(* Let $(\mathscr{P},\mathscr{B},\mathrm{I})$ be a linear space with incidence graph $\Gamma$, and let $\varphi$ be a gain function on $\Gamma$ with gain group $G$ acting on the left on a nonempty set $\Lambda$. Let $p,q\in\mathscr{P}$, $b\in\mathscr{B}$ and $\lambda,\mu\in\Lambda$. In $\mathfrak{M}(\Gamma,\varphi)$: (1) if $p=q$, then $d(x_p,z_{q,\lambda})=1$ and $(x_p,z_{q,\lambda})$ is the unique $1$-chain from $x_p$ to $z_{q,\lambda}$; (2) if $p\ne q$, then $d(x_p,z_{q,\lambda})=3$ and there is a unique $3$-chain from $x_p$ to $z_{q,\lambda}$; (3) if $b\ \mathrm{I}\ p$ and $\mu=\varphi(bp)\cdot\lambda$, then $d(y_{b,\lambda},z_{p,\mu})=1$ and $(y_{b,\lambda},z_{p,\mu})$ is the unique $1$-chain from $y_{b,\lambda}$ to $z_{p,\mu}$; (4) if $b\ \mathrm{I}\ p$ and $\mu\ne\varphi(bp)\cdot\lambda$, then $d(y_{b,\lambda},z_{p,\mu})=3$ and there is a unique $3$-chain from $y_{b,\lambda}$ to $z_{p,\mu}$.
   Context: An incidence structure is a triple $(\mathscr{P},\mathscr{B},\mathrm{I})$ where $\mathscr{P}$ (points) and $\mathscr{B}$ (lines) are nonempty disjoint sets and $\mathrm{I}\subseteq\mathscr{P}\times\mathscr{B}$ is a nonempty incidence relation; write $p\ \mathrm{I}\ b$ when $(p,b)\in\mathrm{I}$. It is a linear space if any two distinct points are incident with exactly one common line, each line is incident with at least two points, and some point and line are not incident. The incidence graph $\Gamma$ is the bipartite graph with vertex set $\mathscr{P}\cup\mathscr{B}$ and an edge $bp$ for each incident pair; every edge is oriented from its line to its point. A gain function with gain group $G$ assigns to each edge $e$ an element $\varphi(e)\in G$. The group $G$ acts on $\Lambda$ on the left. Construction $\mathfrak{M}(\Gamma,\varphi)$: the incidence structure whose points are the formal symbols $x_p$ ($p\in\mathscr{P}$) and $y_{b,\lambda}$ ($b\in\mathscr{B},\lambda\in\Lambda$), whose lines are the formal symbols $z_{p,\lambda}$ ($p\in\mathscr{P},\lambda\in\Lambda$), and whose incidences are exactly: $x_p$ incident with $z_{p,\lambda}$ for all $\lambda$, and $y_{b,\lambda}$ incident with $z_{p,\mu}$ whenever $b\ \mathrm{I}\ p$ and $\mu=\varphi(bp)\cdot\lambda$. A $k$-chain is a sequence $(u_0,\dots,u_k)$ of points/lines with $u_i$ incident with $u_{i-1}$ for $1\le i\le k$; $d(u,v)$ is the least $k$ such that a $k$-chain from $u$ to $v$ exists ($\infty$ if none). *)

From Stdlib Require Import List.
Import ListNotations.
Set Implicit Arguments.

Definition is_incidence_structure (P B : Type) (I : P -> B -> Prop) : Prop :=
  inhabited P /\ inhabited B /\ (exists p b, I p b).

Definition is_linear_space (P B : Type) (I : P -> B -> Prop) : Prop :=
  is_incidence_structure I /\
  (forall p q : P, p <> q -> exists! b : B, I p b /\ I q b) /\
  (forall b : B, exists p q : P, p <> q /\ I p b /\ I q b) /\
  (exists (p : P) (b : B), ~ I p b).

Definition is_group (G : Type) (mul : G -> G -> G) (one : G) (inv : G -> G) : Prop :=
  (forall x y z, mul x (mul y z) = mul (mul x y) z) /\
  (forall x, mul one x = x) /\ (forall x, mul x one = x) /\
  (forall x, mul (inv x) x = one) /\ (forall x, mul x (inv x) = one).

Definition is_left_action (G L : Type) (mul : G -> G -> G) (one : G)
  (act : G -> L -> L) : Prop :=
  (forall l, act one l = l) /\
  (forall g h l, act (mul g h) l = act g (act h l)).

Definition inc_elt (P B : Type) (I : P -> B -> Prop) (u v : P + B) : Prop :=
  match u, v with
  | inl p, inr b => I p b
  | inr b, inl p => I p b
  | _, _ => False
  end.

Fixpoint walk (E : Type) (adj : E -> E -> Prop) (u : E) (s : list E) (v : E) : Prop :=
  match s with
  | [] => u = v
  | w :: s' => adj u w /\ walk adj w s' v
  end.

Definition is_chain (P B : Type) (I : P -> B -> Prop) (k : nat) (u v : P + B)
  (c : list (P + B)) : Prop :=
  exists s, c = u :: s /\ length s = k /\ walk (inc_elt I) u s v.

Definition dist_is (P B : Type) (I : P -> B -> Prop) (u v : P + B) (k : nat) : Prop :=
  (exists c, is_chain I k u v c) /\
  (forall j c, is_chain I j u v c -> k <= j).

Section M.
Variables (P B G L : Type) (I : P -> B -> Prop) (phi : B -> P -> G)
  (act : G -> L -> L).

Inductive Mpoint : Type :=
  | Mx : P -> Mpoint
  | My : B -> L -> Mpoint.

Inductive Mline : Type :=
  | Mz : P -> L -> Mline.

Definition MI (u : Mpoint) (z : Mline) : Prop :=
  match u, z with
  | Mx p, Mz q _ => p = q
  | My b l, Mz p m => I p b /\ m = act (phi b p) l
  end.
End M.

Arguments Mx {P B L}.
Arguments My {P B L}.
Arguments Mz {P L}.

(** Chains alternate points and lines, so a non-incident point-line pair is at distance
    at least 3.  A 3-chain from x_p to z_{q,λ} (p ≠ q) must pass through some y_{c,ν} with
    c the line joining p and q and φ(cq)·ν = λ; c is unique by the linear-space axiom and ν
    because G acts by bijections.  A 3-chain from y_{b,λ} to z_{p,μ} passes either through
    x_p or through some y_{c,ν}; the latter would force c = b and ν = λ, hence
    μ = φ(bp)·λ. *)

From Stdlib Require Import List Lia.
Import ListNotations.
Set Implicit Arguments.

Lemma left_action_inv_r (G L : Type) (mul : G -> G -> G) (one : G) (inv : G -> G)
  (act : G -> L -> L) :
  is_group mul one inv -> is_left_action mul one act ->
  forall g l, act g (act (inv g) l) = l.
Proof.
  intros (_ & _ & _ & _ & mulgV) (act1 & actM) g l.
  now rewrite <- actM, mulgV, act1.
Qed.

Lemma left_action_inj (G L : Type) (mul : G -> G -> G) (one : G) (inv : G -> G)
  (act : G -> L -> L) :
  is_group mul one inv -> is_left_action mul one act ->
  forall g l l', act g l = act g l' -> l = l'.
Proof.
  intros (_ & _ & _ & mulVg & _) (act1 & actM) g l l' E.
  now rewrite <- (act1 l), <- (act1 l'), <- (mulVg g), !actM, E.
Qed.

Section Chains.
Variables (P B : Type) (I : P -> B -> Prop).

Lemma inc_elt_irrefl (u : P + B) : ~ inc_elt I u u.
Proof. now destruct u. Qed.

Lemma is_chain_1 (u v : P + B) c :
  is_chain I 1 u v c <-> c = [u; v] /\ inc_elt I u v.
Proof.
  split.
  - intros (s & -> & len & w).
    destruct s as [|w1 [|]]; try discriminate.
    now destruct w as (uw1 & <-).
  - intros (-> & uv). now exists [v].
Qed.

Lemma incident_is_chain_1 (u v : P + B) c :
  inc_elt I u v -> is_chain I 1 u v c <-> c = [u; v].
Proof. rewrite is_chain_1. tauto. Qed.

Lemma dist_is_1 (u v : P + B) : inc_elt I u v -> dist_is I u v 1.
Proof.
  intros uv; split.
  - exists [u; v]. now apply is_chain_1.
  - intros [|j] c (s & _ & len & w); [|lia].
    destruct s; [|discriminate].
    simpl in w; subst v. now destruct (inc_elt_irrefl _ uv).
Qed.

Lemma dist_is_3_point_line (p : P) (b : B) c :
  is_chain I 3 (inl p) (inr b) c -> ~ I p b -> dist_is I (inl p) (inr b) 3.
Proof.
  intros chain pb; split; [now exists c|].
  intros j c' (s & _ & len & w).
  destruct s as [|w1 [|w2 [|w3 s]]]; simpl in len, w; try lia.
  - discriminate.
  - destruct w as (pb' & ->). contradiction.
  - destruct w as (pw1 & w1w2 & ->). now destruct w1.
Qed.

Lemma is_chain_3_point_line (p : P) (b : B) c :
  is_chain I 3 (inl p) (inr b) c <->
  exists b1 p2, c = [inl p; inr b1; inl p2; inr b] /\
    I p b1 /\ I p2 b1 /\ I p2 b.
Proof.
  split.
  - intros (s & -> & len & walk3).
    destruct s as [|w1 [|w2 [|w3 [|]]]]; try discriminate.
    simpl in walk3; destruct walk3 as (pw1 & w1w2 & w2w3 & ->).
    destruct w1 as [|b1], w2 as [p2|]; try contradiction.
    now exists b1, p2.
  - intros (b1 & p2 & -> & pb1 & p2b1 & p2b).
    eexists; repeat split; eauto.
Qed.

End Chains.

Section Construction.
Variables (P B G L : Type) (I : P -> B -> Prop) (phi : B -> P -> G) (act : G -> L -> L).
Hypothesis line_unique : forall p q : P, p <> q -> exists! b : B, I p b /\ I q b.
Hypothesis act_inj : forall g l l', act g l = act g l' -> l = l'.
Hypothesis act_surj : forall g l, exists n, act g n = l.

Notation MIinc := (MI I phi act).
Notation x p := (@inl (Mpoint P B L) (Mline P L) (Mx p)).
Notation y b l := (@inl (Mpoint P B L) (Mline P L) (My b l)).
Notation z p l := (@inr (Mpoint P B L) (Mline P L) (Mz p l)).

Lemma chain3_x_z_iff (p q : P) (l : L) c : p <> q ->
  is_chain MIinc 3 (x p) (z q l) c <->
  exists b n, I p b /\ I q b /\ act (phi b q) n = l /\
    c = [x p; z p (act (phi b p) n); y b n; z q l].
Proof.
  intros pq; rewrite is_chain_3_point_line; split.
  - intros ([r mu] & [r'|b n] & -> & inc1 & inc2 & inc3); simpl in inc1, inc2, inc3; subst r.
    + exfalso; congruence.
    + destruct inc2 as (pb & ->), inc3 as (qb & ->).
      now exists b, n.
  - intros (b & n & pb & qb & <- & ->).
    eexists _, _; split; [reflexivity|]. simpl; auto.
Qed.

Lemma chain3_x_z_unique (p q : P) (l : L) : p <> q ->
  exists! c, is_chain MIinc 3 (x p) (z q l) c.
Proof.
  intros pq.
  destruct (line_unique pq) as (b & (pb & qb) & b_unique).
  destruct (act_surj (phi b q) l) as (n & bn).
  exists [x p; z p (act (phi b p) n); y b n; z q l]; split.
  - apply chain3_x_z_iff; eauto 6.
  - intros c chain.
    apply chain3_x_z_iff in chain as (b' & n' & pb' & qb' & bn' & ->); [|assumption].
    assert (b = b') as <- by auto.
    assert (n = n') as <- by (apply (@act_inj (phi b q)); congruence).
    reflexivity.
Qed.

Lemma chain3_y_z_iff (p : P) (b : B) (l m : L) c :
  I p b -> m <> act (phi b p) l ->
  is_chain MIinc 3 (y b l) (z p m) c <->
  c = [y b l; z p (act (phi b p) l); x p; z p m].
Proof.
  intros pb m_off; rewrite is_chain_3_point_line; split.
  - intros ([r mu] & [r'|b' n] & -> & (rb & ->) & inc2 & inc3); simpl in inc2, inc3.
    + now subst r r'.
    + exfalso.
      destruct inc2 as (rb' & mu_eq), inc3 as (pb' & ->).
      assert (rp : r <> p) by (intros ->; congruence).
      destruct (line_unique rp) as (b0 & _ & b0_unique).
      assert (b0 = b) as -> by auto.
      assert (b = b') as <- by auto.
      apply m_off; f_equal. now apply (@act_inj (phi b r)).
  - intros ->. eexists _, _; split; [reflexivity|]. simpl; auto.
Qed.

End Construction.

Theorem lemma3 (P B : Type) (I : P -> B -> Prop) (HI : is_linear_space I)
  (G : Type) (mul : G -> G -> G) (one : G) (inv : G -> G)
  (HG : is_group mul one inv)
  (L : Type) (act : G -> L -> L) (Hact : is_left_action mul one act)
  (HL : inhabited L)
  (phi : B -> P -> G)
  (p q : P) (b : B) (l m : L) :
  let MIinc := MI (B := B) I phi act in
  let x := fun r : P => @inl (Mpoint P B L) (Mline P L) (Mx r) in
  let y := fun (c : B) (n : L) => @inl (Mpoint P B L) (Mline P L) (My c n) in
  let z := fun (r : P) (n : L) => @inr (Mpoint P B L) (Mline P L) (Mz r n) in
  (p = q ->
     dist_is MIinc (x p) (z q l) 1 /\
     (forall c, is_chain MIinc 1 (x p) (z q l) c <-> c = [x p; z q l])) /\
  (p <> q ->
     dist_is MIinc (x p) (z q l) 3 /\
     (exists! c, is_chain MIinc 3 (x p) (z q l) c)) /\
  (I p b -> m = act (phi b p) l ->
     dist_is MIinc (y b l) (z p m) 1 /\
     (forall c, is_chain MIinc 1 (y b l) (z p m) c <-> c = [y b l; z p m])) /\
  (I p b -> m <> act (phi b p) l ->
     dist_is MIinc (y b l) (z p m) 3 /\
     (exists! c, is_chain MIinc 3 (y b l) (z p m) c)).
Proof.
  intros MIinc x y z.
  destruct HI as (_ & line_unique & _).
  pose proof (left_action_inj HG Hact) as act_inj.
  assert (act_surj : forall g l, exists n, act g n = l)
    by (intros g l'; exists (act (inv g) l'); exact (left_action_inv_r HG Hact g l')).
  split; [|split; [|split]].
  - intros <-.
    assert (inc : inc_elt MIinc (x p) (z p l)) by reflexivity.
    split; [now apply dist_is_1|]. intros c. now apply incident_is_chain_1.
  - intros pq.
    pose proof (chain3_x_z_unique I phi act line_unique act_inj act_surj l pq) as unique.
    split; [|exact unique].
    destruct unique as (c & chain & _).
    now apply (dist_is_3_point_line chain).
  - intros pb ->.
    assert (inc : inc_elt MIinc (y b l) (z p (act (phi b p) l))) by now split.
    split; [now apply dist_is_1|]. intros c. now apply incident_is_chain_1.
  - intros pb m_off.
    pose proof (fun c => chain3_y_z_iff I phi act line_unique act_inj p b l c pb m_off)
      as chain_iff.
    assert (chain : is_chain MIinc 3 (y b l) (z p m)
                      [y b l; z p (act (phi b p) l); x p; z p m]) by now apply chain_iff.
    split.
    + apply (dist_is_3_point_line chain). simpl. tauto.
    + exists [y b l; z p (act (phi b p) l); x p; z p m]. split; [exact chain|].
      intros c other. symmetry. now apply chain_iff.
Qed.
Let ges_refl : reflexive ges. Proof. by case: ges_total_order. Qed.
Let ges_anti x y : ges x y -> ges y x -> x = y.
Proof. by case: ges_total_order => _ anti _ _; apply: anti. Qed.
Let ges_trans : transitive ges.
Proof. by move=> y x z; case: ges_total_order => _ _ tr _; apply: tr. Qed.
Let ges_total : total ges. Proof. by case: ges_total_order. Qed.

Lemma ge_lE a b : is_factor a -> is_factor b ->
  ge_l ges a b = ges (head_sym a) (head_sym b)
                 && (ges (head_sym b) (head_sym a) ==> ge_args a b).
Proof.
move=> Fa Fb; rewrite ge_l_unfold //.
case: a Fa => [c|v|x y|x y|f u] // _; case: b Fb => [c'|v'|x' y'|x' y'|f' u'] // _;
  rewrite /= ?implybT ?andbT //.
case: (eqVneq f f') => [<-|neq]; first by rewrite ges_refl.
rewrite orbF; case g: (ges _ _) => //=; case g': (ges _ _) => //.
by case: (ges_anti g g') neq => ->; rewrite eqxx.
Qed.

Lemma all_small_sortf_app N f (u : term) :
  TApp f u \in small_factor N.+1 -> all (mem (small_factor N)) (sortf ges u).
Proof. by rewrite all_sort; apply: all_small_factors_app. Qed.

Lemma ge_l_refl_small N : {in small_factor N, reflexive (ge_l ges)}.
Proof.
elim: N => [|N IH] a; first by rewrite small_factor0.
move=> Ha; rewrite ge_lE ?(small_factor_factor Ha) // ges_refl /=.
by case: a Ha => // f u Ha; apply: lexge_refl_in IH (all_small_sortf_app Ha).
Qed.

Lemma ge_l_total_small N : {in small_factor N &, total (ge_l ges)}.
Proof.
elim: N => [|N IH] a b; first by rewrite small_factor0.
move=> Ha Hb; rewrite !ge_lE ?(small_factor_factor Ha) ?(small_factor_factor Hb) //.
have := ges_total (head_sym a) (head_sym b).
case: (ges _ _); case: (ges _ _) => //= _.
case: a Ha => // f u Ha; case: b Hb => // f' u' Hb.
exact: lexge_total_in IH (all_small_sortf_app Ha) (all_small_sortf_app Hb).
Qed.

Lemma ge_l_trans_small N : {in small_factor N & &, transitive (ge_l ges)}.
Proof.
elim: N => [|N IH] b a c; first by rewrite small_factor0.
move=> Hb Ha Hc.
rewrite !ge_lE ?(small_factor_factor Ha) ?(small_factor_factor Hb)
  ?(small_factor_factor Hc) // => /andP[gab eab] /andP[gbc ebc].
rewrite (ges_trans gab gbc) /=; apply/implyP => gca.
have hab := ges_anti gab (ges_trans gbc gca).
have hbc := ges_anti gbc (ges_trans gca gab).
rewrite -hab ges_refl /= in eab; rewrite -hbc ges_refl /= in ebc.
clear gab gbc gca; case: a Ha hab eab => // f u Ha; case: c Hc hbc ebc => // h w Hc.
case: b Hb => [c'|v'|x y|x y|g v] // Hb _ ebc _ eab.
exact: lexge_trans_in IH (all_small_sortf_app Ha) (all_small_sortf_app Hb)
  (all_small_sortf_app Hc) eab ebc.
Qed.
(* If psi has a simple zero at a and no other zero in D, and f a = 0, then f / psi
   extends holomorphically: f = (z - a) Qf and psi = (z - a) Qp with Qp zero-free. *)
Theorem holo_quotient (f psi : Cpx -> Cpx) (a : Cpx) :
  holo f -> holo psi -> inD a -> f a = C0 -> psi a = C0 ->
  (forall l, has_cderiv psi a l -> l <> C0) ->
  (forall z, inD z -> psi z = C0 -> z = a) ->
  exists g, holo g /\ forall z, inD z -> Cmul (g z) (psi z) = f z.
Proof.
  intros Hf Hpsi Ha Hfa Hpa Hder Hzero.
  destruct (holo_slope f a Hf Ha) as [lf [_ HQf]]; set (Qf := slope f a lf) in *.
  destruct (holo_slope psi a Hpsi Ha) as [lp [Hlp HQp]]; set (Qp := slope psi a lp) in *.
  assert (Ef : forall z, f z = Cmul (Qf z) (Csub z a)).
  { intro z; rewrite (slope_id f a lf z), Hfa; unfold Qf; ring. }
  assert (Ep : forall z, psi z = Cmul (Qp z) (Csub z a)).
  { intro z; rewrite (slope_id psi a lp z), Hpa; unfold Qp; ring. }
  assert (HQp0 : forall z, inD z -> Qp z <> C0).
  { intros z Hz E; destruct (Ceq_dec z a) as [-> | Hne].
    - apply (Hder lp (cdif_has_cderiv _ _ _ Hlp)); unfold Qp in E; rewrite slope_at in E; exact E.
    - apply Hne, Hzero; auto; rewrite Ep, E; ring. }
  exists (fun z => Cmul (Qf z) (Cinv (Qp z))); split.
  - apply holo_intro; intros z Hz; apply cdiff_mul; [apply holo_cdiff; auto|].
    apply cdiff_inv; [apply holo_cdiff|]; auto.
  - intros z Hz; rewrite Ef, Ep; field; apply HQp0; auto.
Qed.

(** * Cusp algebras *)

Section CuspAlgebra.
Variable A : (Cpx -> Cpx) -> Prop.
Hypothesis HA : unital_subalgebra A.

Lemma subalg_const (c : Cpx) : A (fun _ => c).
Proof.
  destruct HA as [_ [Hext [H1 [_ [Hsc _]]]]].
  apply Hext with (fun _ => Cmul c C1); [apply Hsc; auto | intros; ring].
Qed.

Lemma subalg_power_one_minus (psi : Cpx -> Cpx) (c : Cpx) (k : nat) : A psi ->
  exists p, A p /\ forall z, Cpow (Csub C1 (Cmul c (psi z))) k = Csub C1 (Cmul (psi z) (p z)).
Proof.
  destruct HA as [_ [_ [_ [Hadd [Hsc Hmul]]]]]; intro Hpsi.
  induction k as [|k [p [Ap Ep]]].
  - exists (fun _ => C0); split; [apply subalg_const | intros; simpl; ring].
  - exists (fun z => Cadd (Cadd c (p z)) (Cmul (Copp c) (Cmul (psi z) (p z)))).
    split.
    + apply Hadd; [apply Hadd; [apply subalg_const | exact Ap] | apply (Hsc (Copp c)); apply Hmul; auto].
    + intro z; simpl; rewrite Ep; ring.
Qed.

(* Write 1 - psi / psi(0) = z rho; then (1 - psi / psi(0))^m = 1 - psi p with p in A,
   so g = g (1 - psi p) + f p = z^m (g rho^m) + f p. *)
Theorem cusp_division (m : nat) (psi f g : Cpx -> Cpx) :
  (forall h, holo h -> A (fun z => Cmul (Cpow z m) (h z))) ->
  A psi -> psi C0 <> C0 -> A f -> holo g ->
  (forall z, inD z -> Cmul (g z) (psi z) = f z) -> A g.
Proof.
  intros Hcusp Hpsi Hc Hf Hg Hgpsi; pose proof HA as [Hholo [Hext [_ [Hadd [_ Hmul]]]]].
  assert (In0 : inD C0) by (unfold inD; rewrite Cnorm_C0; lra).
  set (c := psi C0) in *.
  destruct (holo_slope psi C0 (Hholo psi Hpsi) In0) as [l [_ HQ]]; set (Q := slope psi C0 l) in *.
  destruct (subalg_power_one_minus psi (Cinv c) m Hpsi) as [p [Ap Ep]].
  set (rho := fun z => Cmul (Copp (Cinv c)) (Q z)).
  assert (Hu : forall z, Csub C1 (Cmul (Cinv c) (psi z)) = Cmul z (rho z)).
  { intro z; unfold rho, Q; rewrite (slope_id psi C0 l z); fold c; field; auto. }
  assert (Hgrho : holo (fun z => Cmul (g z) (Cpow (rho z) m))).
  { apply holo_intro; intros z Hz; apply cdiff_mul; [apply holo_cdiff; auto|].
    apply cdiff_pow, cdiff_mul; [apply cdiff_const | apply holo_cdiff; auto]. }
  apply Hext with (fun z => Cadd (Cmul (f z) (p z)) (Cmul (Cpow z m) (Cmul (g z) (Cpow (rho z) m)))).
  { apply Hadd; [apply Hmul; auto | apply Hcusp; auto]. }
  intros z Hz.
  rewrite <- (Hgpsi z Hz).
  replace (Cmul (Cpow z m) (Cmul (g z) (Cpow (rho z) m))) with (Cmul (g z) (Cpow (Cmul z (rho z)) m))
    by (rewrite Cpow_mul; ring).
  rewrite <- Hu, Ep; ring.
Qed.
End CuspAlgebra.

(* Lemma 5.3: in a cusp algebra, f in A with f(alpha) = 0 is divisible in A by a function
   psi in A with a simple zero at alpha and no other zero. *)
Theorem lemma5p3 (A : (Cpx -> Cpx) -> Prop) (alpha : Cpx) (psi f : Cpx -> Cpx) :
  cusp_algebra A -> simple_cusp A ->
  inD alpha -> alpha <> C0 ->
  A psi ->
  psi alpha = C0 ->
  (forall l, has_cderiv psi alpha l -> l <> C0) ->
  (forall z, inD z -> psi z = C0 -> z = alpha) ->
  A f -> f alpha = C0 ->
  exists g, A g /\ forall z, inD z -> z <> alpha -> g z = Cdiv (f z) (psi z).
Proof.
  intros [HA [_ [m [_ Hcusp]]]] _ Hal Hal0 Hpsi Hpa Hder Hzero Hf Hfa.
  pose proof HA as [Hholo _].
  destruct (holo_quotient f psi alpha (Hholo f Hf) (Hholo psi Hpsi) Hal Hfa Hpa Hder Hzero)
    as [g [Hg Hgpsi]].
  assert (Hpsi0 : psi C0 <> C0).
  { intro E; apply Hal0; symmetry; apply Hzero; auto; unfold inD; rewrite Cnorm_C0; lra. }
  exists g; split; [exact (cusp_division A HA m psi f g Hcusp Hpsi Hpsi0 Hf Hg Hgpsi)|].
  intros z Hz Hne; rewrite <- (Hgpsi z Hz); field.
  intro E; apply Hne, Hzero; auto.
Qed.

* * * * * * * * *

## PROBLEM REQUIREMENTS
Copy exactly the lines that run from the one with "cusp_algebra A -> simple_cusp A ->" to the last line of the material, including both.

## WORKED SOLUTION
  cusp_algebra A -> simple_cusp A ->
  inD alpha -> alpha <> C0 ->
  A psi ->
  psi alpha = C0 ->
  (forall l, has_cderiv psi alpha l -> l <> C0) ->
  (forall z, inD z -> psi z = C0 -> z = alpha) ->
  A f -> f alpha = C0 ->
  exists g, A g /\ forall z, inD z -> z <> alpha -> g z = Cdiv (f z) (psi z).
Proof.
  intros [HA [_ [m [_ Hcusp]]]] _ Hal Hal0 Hpsi Hpa Hder Hzero Hf Hfa.
  pose proof HA as [Hholo _].
  destruct (holo_quotient f psi alpha (Hholo f Hf) (Hholo psi Hpsi) Hal Hfa Hpa Hder Hzero)
    as [g [Hg Hgpsi]].
  assert (Hpsi0 : psi C0 <> C0).
  { intro E; apply Hal0; symmetry; apply Hzero; auto; unfold inD; rewrite Cnorm_C0; lra. }
  exists g; split; [exact (cusp_division A HA m psi f g Hcusp Hpsi Hpsi0 Hf Hg Hgpsi)|].
  intros z Hz Hne; rewrite <- (Hgpsi z Hz); field.
  intro E; apply Hne, Hzero; auto.
Qed.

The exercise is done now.